これは女子高生の物語だと思っていたが、一種のミステリーなんだ。
母と二人で暮らしていた藍葉は母親にネグレクトされていた。6才の時、母においてけぼりをされた藍葉は見知らぬ女性についていき誘拐されたことがある。誘拐事件は2時間後、二人の乗った車が警察官に職務質問されたことがきっかけで解決した。ずっと車の中にいたという犯人の供述は受け入れられた。
しかし、藍葉の記憶では、誘拐されたときにある部屋に連れていかれ、そこで強烈な印象を得た絵を見た。枠の中に原色に近い多彩な色の長方形が並ぶ絵。それを何度も夢見る藍葉。
彼女には色に対する特異な能力があった。それを生かすためにと、学校生活に馴染めず高校を中退した藍葉に、勤務先とアパートを世話して、母親は出ていった。その後、カメラマンとして知られるようになった母とは会っていない。
ウェブデザイン会社で働く藍葉。指示通りに仕事をこなす彼女は重宝がられていた。彼女は色を呼ぶのに曖昧な色名では満足できず、16進法で表される色名を普段でも口にする。
そんな藍葉のもとに、ある日女探偵が現れる。匿名の人物が彼女にお詫びとして、百万円を渡したいという。一度は断ったものの、後に受けとることにした藍葉。送り主の当てと言うと、誘拐した女性しか思い付かない。その時に見た絵の正体が知りたいと思った藍葉は、その金で、誘拐犯を探そうと思った。

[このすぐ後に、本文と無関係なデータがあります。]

Lemma edist_gamma_top_cone t : t \in `[0, pi] ->
  Defs.edist (gamma_top t) (@K_cone R) <= (1 - cos t) ^+ 2 * (2 + cos t) / 2.
Proof.
move=> t_range.
have K_gamma : @K_cone R (hom (gamma t)).
  apply: sub_cone; exists (gamma t) => //; apply: sub_conv; right; exists t => //.
apply: le_trans (edist_le_enorm _ K_gamma) _.
rewrite enorm4 !coordB !(hom_0, hom_1, hom_2, hom_3) vec3_0 vec3_1 vec3_2.
rewrite !subrr expr0n /= !add0r addr0 sqrtr_sqr.
have [z_le1 _] := gamma_under_top_disk t.
by rewrite ger0_norm ?subr_ge0 // one_sub_gamma_z.
Qed.

(* The functional y |-> u1 y_0 + u2 y_1 - y_3 is nonpositive on the face and
   equals 2 h at (a, b, 1, 1). *)
Lemma top_face_dist_ge (u1 u2 a b h : R) y : u1 ^+ 2 + u2 ^+ 2 = 1 -> 0 <= h ->
  u1 * a + u2 * b = 1 + 2 * h -> top_face y -> h <= enorm (hom (vec3 a b 1) - y).
Proof.
move=> u_unit h_ge0 u_ab [y23 [y_disk y3_ge0]].
rewrite enorm4 !coordB !coordE y23; apply: ler_sqrt_of_sqr => //.
set p := y ord0 i0 in y_disk *; set q := y ord0 i1 in y_disk *.
set r := y ord0 i3 in y_disk y3_ge0 *.
have u_pq : u1 * p + u2 * q <= r.
  apply: ler_of_sqr => //; apply: le_trans (cauchy_schwarz2 u1 u2 p q) _.
  by rewrite u_unit mul1r.
set L := u1 * (a - p) + u2 * (b - q).
have L_sqr : L ^+ 2 <= (a - p) ^+ 2 + (b - q) ^+ 2.
  by have := cauchy_schwarz2 u1 u2 (a - p) (b - q); rewrite u_unit mul1r.
have L_gap : 2 * h <= L - (1 - r).
  have -> : L = u1 * a + u2 * b - (u1 * p + u2 * q) by rewrite /L; ring.
  by rewrite u_ab; lra.
have : (2 * h) ^+ 2 <= (L - (1 - r)) ^+ 2 by rewrite ler_pXn2r // ?nnegrE; lra.
by have := sqr_ge0 (L + (1 - r)); have := sqr_ge0 h; nra.
Qed.

Lemma edist_gamma_top_face t : sin t ^+ 2 <= Defs.edist (gamma_top t) top_face.
Proof.
apply: le_edist; first by exists 0; exact: top_face0.
move=> y face_y; apply: (top_face_dist_ge (u1 := 2 * cos t ^+ 2 - 1)
  (u2 := 2 * sin t * cos t)) face_y; first by rewrite !exprMn sin2cos2; ring.
  exact: sqr_ge0.
rewrite gammaE vec3_0 vec3_1.
have -> : (2 * cos t ^+ 2 - 1) * (4 * cos t ^+ 2 - 3) + 2 * sin t * cos t * (4 * sin t * cos t)
    = (2 * cos t ^+ 2 - 1) * (4 * cos t ^+ 2 - 3) + 8 * cos t ^+ 2 * sin t ^+ 2 by ring.
by rewrite sin2cos2; ring.
Qed.

Lemma gamma_top_gap (kappa : R) : 0 < kappa ->
  exists2 t : R, t \in `[0, pi] & kappa * ((1 - cos t) ^+ 2 * (2 + cos t) / 2) < sin t ^+ 2.
Proof.
move=> kappa_gt0; set d := (kappa + 2)^-1.
have d_gt0 : 0 < d by rewrite invr_gt0; lra.
have kappa_d : kappa * d < 1 by rewrite ltr_pdivrMr; lra.
have d_lt1 : d < 1 by rewrite invf_lt1; lra.
have c_bound : -1 <= 1 - d <= 1 by apply/andP; split; lra.
have [t_range cos_t] := acos_def c_bound.
exists (acos (1 - d)); first by rewrite in_itv.
(* With cos t = 1 - d the claim reads kappa d^2 (3 - d) / 2 < d (2 - d). *)
rewrite sin2cos2 cos_t.
have : kappa * d * (d * (3 - d)) < d * (3 - d) by rewrite gtr_pMl // mulr_gt0 //; lra.
have : 0 <= d * (1 - d) by apply: mulr_ge0; lra.
lra.
Qed.
End TopFace.

Theorem proposition5p2 (R : realType) : ~ amenable (@K_cone R).
Proof.
apply: (not_amenable_of_face_gap (is_face_top_face R)) => kappa kappa_gt0.
have [t t_range gap] := gamma_top_gap kappa_gt0.
exists (gamma_top t); first exact: span_gamma_top.
apply: le_lt_trans (ler_wpM2l (ltW kappa_gt0) (edist_gamma_top_cone t_range)) _.
exact: lt_le_trans gap (edist_gamma_top_face t).
Qed.
(* Let $q\geq 2$ be an integer and let $\lambda\in\{0,\ldots,q-1\}$. Then for every $a\in\mathbb{N}$, $$u_q(aq+\lambda)=q\,u_q(a)+(\lambda+1-q)w_q(a)+\frac{q}{2}a^2+\left(\lambda+1-\frac{q}{2}\right)a = q\,u_q(a)+(\lambda+1-q)w_q(a)+q\frac{a(a+1)}{2}+(\lambda+1-q)a.$$
   Context: For an integer $q\geq 2$ and $n\in\mathbb{N}=\{0,1,2,\ldots\}$: $v_q(0)=0$ and, for $n>0$, $v_q(n)=\max\{k\in\mathbb{N}: q^k \text{ divides } n\}$; $w_q(n)=\sum_{i=0}^n v_q(i)$; $u_q(n)=\sum_{i=0}^n w_q(i)$. *)

From mathcomp Require Import all_boot all_order all_algebra.
Set Implicit Arguments. Unset Strict Implicit. Unset Printing Implicit Defensive.

(* v_q(n): 0 if n = 0, else the largest k with q^k | n.
   For q >= 2 and n > 0, any such k satisfies k <= n (q^k > k),
   so the maximum over k < n.+1 is the maximum over all of N. *)
Definition vq (q n : nat) : nat :=
  if n == 0 then 0 else \max_(k < n.+1 | q ^ k %| n) k.

Definition wq (q n : nat) : nat := \sum_(0 <= i < n.+1) vq q i.
Definition uq (q n : nat) : nat := \sum_(0 <= i < n.+1) wq q i.

From mathcomp Require Import all_boot all_order all_algebra.
From mathcomp Require Import zify ring.
Set Implicit Arguments. Unset Strict Implicit.
Import GRing.Theory.

(* Among aq, ..., aq + q - 1 only aq has a positive valuation, namely
   v_q(a) + 1; hence w_q(aq + r) = a + w_q(a) for r < q, and summing these
   blocks of length q gives u_q(aq + lambda) in closed form. *)

Lemma vq_dvdn (q n : nat) : q ^ vq q n %| n.
Proof.
rewrite /vq; case: eqP => [_|_]; first exact: dvd1n.
have P0 : q ^ (@ord0 n) %| n by rewrite expn0 dvd1n.
by rewrite (bigmax_eq_arg ord0 P0); case: arg_maxnP.
Qed.

Lemma dvdn_leq_vq (q n k : nat) : 1 < q -> 0 < n -> q ^ k %| n -> k <= vq q n.
Proof.
move=> q_gt1 n_gt0 dvd_k; rewrite /vq gtn_eqF //.
have k_lt : k < n.+1.
  by rewrite ltnS ltnW // (leq_trans (ltn_expl k q_gt1)) // dvdn_leq.
exact: (leq_bigmax_cond (Ordinal k_lt)).
Qed.

Lemma vq_mulr (q n : nat) : 1 < q -> 0 < n -> vq q (n * q) = (vq q n).+1.
Proof.
move=> q_gt1 n_gt0; have q_gt0 := ltnW q_gt1.
apply/eqP; rewrite eqn_leq; apply/andP; split; last first.
  by rewrite dvdn_leq_vq ?muln_gt0 ?n_gt0 // expnSr dvdn_mul ?vq_dvdn.
have := vq_dvdn q (n * q); case: (vq q (n * q)) => // k.
by rewrite expnSr dvdn_pmul2r // => /(dvdn_leq_vq q_gt1 n_gt0).
Qed.

Lemma vq_eq0 (q n : nat) : ~~ (q %| n) -> vq q n = 0.
Proof.
apply: contraNeq; have := vq_dvdn q n; case: (vq q n) => // k dvd_k _.
by apply: dvdn_trans dvd_k; rewrite expnS dvdn_mulr.
Qed.

Lemma vq_mul_add (q a r : nat) : 0 < r < q -> vq q (a * q + r) = 0.
Proof.
case/andP=> r_gt0 r_lt; apply: vq_eq0.
by rewrite dvdn_addr ?dvdn_mull // gtnNdvd.
Qed.

Lemma wqS (q n : nat) : wq q n.+1 = wq q n + vq q n.+1.
Proof. by rewrite /wq big_nat_recr. Qed.

Lemma wq_mul_add (q a r : nat) : 1 < q -> r < q -> wq q (a * q + r) = a + wq q a.
Proof.
move=> q_gt1; have q_gt0 := ltnW q_gt1.
have wq_block_tail b s : s < q -> wq q (b * q + s) = wq q (b * q).
  elim: s => [|s IHs] s_lt; first by rewrite addn0.
  by rewrite addnS wqS -addnS vq_mul_add ?s_lt // addn0 IHs // ltnW.
move=> /wq_block_tail ->; elim: a => [|a IHa]; first by rewrite /wq big_nat1.
have succ : a.+1 * q = (a * q + q.-1).+1 by rewrite mulSn; lia.
rewrite {1}succ wqS -succ wq_block_tail ?ltn_predL // IHa vq_mulr // wqS; lia.
Qed.

Lemma uq_mul_add (q a r : nat) : 1 < q -> r < q ->
  uq q (a * q + r) + q * (a + wq q a)
  = q * (uq q a + 'C(a.+1, 2)) + r.+1 * (a + wq q a).
Proof.
move=> q_gt1 r_lt.
have blocks : \sum_(0 <= i < a * q) wq q i = q * ('C(a, 2) + \sum_(0 <= b < a) wq q b).
  rewrite big_nat_mul -bin2_sum -big_split big_distrr /=; apply: eq_bigr => b _.
  rewrite -[X in \sum_(X <= _ < _) _]add0n big_addn mulSn addnK.
  under eq_big_nat => j /andP[_ j_lt] do rewrite addnC wq_mul_add //.
  by rewrite sum_nat_const_nat subn0.
have tail : \sum_(a * q <= i < a * q + r.+1) wq q i = r.+1 * (a + wq q a).
  rewrite -[X in \sum_(X <= _ < _) _]add0n big_addn addKn.
  under eq_big_nat => j /andP[_ j_lt] do rewrite addnC wq_mul_add ?(leq_trans j_lt) //.
  by rewrite sum_nat_const_nat subn0.
rewrite /uq -addnS (@big_cat_nat _ _ _ (a * q)) ?leq_addr //= blocks tail.
rewrite big_nat_recr //= binS bin1; lia.
Qed.

Local Open Scope ring_scope.

Lemma natr_binS2 (R : numFieldType) (n : nat) :
  'C(n.+1, 2)%:R = n%:R * (n%:R + 1) / 2 :> R.
Proof.
have : (2 * 'C(n.+1, 2) = n * (n + 1))%N by rewrite addn1 -mul_bin_diag bin1 mulnC.
move=> /(congr1 (GRing.natmul (1 : R))); rewrite !natrM natrD => <-.
by field.
Qed.

Theorem lemma2p2 (q lambda a : nat) (hq : (2 <= q)%N) (hl : (lambda < q)%N) :
  let Q := q%:R : rat in
  let L := lambda%:R : rat in
  let A := a%:R : rat in
  ((uq q (a * q + lambda))%:R : rat)
    = Q * (uq q a)%:R + (L + 1 - Q) * (wq q a)%:R + Q / 2 * A ^+ 2
      + (L + 1 - Q / 2) * A
  /\
  ((uq q (a * q + lambda))%:R : rat)
    = Q * (uq q a)%:R + (L + 1 - Q) * (wq q a)%:R + Q * (A * (A + 1) / 2)
      + (L + 1 - Q) * A.
Proof.
move=> Q L A.
have := congr1 (GRing.natmul (1 : rat)) (uq_mul_add a hq hl).
(* Abstract the binomial, otherwise natrD unfolds 'C(a.+1, 2) by computation. *)
move: 'C(a.+1, 2) (natr_binS2 rat a) => C binC.
rewrite !(natrD, natrM) binC -addn1 natrD -/Q -/L -/A => E.
by split; apply: (addIr (Q * (A + (wq q a)%:R))); rewrite E; field.
Qed.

そして、それを引き受けた女探偵みどり。出産育児のために、探偵を休んでいたみどりは、現場復帰の足慣らしにと最初は思っていた、
誘拐犯梨本朱里を探し始めたみどりは、次第にその捜査にのめりこんでいく。理解のある夫のお陰で、捜査に打ち込むみどりは、公にされた誘拐事件には隠された真実があると思うようになる。
朱里の行方を探すために、彼女の過去とその交遊関係を調べていく。
藍葉を連れていったのは朱里の部屋ではなかった。それでは付き合っていた粗暴な男の部屋かと思い、調べていくうちに危険な目に遭いそうにもなるも、みどりはあきらめない。
そしてついに、真相にたどり着くみどりだが、命を的にしての犯人との対峙の結果だった。危険だが、そこにこそやりがいと楽しみを持つみどり。彼女の先輩で、警察官上がりの探偵浅川は、そんな彼女を心配し、影から見守っている。昔、逆恨みの関係者から殺されかけた彼を救ってくれたことを恩に着てと言い訳しながら。
夢に看る絵の秘密に気づいた藍葉は、それに似た写真を撮り、それを送ることで、北海道にすむ朱里と会うことができる。
似たような感性を持つ二人は親近感を覚える。16進法の色名で色を呼ぶ藍葉に対して、朱里は色の微妙な違いを、和名で呼ぶことで区別していた。
せっかく来たのだからと、朱里に夜景の名所に連れていかれて、星空を見た藍葉。
互いにぎこちないために疎遠だった母とは結び付くものがあることに気づく藍葉。